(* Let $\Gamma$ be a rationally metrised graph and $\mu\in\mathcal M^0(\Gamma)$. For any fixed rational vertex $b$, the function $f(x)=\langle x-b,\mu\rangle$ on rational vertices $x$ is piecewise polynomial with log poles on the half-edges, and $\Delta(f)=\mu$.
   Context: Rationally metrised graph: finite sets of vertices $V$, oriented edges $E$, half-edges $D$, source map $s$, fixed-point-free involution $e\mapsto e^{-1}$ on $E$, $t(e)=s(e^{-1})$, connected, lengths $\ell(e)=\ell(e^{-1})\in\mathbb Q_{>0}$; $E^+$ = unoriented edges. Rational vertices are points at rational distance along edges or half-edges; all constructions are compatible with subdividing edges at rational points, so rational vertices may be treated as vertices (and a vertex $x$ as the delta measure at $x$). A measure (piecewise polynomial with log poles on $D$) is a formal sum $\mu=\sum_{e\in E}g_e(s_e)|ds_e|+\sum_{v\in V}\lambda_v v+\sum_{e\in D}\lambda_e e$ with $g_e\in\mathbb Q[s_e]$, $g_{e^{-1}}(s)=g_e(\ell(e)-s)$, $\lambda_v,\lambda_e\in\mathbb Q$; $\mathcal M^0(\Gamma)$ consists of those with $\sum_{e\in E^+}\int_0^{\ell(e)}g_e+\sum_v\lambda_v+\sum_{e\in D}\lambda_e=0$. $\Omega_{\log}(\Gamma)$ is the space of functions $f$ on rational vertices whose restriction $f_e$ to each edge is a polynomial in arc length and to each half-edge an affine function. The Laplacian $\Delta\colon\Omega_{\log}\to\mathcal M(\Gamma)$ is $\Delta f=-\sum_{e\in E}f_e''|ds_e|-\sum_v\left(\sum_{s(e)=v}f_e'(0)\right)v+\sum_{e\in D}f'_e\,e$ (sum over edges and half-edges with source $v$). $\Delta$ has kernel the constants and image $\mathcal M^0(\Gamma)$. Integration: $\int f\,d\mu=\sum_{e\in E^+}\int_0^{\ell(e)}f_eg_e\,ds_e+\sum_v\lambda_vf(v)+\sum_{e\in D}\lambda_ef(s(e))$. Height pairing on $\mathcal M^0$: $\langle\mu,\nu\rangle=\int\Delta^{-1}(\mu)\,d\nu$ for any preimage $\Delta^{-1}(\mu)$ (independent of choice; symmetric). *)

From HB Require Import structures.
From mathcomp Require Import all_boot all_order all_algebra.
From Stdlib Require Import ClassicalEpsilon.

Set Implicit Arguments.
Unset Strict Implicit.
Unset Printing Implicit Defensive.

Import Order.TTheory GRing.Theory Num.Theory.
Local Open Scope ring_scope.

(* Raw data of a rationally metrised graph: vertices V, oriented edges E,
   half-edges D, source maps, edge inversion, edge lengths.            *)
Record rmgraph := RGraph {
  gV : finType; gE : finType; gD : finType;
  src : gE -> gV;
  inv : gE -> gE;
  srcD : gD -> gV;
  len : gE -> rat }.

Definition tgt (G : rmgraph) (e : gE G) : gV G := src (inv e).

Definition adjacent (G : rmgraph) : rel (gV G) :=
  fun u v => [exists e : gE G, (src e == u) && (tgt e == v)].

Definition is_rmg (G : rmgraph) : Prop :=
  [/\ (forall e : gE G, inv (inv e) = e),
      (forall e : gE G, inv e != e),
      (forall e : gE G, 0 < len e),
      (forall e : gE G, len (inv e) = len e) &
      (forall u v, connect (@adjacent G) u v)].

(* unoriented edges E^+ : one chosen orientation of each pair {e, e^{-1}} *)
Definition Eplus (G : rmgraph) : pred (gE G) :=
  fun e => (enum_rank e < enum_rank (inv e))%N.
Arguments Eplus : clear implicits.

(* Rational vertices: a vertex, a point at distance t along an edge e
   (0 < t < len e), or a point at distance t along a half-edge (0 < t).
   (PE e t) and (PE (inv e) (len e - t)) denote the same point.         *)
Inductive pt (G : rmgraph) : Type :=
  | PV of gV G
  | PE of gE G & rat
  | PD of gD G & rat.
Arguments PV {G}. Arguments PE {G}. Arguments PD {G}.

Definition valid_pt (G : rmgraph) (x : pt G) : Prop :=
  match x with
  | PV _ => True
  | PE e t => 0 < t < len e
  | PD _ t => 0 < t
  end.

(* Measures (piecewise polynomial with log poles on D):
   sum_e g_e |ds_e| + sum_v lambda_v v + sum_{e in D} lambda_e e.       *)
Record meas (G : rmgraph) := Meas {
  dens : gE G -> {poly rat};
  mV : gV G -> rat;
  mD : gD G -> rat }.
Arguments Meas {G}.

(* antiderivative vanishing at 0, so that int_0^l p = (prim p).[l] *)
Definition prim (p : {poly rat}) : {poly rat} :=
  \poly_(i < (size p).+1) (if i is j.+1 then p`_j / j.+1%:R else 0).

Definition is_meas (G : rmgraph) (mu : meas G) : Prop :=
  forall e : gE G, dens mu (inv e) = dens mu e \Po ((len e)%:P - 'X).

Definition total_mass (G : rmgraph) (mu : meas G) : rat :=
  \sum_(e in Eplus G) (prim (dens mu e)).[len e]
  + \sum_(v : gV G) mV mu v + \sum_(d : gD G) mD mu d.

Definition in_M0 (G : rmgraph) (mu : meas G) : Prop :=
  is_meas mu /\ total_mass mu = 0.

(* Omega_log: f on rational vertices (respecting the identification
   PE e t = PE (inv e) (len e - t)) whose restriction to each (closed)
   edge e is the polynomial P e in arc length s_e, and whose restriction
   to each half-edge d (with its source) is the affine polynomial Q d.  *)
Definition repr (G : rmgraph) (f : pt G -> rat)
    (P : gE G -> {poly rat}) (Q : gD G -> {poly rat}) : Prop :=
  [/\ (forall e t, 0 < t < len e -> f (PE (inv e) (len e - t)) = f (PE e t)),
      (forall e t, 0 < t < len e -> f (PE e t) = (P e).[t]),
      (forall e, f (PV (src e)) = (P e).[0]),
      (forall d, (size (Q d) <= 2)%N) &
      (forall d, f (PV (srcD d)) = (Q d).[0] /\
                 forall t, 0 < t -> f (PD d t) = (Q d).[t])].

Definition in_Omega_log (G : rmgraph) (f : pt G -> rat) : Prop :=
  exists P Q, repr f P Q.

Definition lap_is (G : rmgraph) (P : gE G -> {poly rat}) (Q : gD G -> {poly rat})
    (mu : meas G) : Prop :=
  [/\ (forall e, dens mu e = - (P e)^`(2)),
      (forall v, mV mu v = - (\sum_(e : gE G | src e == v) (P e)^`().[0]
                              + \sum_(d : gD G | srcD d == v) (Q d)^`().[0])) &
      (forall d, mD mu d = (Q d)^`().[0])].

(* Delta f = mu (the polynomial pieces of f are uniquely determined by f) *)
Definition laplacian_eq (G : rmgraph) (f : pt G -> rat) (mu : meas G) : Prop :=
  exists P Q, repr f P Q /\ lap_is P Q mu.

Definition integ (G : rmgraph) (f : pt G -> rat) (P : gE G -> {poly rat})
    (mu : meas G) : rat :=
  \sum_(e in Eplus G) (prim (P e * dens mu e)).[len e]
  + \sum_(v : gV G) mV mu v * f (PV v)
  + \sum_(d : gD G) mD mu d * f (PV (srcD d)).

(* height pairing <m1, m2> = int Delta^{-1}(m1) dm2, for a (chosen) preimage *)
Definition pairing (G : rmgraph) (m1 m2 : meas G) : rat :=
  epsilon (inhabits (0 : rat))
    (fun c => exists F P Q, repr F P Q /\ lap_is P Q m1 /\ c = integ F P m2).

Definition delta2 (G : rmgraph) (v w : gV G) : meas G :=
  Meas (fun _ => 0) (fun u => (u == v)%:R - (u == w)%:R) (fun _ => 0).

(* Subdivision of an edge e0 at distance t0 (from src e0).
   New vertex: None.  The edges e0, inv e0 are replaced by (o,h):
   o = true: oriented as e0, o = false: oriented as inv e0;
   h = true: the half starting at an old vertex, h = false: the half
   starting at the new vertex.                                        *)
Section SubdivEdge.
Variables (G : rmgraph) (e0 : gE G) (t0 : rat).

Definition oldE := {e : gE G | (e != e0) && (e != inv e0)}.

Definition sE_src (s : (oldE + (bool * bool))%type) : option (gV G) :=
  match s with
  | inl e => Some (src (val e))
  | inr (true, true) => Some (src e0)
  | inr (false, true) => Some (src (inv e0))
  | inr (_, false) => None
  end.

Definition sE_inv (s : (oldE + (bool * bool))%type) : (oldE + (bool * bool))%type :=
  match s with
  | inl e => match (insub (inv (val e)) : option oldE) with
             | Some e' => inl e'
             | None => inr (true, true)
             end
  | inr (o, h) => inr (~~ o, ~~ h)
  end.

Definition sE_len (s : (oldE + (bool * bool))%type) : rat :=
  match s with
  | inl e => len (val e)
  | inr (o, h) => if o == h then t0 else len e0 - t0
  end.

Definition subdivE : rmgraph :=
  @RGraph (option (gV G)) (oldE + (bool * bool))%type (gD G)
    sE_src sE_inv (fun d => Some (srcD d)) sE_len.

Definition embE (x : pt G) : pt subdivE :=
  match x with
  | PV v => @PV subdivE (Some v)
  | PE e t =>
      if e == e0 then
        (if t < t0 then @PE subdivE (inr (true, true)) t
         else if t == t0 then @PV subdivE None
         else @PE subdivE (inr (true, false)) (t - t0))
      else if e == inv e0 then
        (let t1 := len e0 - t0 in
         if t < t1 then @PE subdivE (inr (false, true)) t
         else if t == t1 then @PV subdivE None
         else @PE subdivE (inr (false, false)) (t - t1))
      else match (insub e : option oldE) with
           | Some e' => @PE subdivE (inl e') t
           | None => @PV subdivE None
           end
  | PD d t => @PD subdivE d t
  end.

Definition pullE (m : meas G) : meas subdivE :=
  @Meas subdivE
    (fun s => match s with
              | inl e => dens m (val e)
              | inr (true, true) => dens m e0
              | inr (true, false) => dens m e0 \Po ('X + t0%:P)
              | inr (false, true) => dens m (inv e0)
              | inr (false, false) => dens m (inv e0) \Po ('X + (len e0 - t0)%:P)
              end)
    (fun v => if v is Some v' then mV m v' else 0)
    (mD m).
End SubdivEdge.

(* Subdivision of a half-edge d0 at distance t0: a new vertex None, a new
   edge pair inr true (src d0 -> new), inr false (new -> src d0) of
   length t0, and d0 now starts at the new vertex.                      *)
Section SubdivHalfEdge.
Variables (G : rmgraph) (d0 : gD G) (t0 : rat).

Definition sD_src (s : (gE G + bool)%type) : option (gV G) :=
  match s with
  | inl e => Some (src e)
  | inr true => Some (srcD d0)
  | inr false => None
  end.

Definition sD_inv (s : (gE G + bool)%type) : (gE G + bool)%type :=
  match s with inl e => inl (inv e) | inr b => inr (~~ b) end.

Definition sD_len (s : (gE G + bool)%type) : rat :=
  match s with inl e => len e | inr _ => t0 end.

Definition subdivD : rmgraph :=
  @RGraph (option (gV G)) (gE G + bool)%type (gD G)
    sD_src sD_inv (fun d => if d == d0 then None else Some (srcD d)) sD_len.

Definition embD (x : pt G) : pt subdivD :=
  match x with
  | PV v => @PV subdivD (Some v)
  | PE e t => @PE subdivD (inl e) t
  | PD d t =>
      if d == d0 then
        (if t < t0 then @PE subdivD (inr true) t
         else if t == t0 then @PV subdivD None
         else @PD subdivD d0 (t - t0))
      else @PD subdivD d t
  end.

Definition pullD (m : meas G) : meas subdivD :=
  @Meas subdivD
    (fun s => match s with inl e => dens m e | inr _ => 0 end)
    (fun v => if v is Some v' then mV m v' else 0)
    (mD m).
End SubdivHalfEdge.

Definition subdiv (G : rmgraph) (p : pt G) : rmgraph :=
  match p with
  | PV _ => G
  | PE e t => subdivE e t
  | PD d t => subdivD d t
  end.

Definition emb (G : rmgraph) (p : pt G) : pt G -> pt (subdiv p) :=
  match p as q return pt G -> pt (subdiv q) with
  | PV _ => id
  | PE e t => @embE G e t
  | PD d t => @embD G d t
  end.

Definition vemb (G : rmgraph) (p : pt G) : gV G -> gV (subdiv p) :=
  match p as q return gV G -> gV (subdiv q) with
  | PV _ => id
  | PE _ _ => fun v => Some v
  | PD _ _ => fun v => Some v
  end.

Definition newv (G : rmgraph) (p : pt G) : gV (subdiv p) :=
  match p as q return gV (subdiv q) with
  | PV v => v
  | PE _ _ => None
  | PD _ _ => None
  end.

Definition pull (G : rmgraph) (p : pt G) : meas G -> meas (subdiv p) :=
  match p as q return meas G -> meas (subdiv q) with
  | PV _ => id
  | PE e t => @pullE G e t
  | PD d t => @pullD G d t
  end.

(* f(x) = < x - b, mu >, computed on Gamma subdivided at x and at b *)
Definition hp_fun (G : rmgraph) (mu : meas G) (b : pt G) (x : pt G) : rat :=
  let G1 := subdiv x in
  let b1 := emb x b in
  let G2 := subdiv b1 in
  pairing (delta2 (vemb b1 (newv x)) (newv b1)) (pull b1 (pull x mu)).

━━━━━━

Exercise prompt :: Check each line above for the string "Prop" and copy those that have it.

Expected output ::
Definition is_rmg (G : rmgraph) : Prop :=
Definition valid_pt (G : rmgraph) (x : pt G) : Prop :=
Definition is_meas (G : rmgraph) (mu : meas G) : Prop :=
Definition in_M0 (G : rmgraph) (mu : meas G) : Prop :=
    (P : gE G -> {poly rat}) (Q : gD G -> {poly rat}) : Prop :=
Definition in_Omega_log (G : rmgraph) (f : pt G -> rat) : Prop :=
    (mu : meas G) : Prop :=
Definition laplacian_eq (G : rmgraph) (f : pt G -> rat) (mu : meas G) : Prop :=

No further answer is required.